• Problem statement:
Reproduce, exactly as they appear, the line containing "Lemma comm_lower_central n" and every line after it, ending with the last line of the records.

Given data START

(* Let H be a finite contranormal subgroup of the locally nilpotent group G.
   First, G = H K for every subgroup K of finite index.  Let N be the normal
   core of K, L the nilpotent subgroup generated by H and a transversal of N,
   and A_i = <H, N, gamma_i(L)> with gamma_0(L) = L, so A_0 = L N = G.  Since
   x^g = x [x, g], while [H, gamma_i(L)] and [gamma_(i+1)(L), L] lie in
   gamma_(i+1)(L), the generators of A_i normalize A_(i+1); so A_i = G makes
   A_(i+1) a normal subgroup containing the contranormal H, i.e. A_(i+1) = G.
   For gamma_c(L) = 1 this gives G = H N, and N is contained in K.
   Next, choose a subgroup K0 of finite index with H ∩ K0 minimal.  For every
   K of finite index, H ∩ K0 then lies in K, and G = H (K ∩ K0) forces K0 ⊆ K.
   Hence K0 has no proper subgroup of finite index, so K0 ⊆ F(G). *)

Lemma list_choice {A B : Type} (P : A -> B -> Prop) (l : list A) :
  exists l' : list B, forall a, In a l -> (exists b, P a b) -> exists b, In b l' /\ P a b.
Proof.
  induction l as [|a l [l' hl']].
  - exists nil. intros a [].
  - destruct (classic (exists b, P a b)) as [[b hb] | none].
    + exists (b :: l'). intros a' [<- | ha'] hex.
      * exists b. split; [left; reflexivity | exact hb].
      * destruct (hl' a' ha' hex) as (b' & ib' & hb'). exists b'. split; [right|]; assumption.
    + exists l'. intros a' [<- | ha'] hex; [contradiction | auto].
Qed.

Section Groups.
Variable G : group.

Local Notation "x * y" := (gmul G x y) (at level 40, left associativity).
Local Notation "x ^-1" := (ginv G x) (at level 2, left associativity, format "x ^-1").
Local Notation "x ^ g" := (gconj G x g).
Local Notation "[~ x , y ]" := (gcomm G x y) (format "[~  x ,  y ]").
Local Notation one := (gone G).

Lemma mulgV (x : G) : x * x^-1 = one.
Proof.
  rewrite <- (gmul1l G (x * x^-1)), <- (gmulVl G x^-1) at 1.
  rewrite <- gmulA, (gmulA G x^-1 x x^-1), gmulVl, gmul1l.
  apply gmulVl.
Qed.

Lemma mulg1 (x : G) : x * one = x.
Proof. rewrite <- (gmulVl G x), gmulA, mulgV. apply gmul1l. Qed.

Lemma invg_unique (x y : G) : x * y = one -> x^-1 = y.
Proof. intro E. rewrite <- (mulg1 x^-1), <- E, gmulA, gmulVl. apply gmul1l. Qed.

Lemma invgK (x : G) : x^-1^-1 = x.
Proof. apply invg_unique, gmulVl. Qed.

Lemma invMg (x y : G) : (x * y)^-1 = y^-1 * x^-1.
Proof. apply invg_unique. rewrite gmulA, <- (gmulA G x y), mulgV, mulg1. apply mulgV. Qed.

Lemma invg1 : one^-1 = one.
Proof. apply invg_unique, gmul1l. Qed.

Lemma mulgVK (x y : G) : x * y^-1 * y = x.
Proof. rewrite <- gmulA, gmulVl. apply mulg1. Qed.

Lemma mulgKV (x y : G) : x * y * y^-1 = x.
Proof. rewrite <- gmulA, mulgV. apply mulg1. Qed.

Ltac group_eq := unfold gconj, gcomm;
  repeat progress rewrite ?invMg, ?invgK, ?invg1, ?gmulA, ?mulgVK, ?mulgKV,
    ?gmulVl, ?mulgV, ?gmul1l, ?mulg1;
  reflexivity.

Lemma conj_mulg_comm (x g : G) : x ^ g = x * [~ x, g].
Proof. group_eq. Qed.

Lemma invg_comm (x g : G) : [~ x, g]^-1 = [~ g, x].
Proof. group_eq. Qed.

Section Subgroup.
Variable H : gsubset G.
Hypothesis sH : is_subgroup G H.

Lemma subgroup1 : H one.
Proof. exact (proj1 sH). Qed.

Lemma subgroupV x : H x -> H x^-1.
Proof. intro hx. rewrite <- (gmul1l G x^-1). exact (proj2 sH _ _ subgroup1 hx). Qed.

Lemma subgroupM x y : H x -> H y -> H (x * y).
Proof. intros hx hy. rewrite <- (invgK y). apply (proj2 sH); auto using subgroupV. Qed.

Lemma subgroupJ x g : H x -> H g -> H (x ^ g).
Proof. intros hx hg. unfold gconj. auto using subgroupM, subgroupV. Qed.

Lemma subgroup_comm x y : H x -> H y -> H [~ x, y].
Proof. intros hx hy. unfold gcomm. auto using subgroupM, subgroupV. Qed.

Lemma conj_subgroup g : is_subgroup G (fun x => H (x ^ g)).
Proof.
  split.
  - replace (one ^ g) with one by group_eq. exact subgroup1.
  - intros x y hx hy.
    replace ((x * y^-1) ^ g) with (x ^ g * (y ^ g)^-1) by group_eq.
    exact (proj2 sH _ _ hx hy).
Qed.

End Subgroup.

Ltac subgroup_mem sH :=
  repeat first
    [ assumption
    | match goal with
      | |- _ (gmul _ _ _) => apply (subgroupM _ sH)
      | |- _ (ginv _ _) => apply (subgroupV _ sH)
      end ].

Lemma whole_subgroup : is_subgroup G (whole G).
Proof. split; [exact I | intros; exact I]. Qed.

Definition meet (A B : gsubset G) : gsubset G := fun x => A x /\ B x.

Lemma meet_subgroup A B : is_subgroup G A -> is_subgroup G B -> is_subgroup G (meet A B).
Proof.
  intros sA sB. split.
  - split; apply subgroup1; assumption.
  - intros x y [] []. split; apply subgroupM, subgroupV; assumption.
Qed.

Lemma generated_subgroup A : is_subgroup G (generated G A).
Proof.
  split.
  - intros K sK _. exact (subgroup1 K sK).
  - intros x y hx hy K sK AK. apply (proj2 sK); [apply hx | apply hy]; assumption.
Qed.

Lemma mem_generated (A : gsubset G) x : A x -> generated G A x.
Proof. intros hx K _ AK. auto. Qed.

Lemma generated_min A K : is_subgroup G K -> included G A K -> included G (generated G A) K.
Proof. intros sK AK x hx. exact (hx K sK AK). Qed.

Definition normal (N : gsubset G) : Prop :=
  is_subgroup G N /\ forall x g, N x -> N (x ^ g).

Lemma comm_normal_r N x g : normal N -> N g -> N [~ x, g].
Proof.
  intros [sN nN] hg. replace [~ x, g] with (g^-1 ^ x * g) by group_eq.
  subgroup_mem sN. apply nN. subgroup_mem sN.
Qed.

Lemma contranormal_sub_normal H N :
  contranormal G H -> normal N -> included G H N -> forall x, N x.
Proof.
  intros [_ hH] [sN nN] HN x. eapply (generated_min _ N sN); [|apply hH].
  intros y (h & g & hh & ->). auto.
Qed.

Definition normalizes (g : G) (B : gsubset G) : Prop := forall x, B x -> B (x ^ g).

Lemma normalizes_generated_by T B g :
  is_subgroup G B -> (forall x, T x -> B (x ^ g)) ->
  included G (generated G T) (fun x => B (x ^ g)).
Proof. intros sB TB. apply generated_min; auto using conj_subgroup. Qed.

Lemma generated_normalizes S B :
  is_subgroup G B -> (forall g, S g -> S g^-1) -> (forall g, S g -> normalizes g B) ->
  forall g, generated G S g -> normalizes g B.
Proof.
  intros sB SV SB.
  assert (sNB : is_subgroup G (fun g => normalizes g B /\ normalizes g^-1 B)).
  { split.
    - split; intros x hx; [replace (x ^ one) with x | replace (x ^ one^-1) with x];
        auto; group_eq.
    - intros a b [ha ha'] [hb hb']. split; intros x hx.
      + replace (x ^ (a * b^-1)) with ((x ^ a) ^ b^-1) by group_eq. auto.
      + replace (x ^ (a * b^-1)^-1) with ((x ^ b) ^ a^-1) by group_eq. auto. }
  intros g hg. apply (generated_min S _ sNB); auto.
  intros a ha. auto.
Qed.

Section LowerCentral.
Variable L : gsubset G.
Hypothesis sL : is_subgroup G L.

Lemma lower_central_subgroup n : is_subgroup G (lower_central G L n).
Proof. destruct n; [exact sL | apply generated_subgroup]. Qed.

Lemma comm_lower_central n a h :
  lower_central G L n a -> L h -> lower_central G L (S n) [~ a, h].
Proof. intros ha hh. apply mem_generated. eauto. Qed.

Given data END

• Result of the task:
Lemma comm_lower_central n a h :
  lower_central G L n a -> L h -> lower_central G L (S n) [~ a, h].
Proof. intros ha hh. apply mem_generated. eauto. Qed.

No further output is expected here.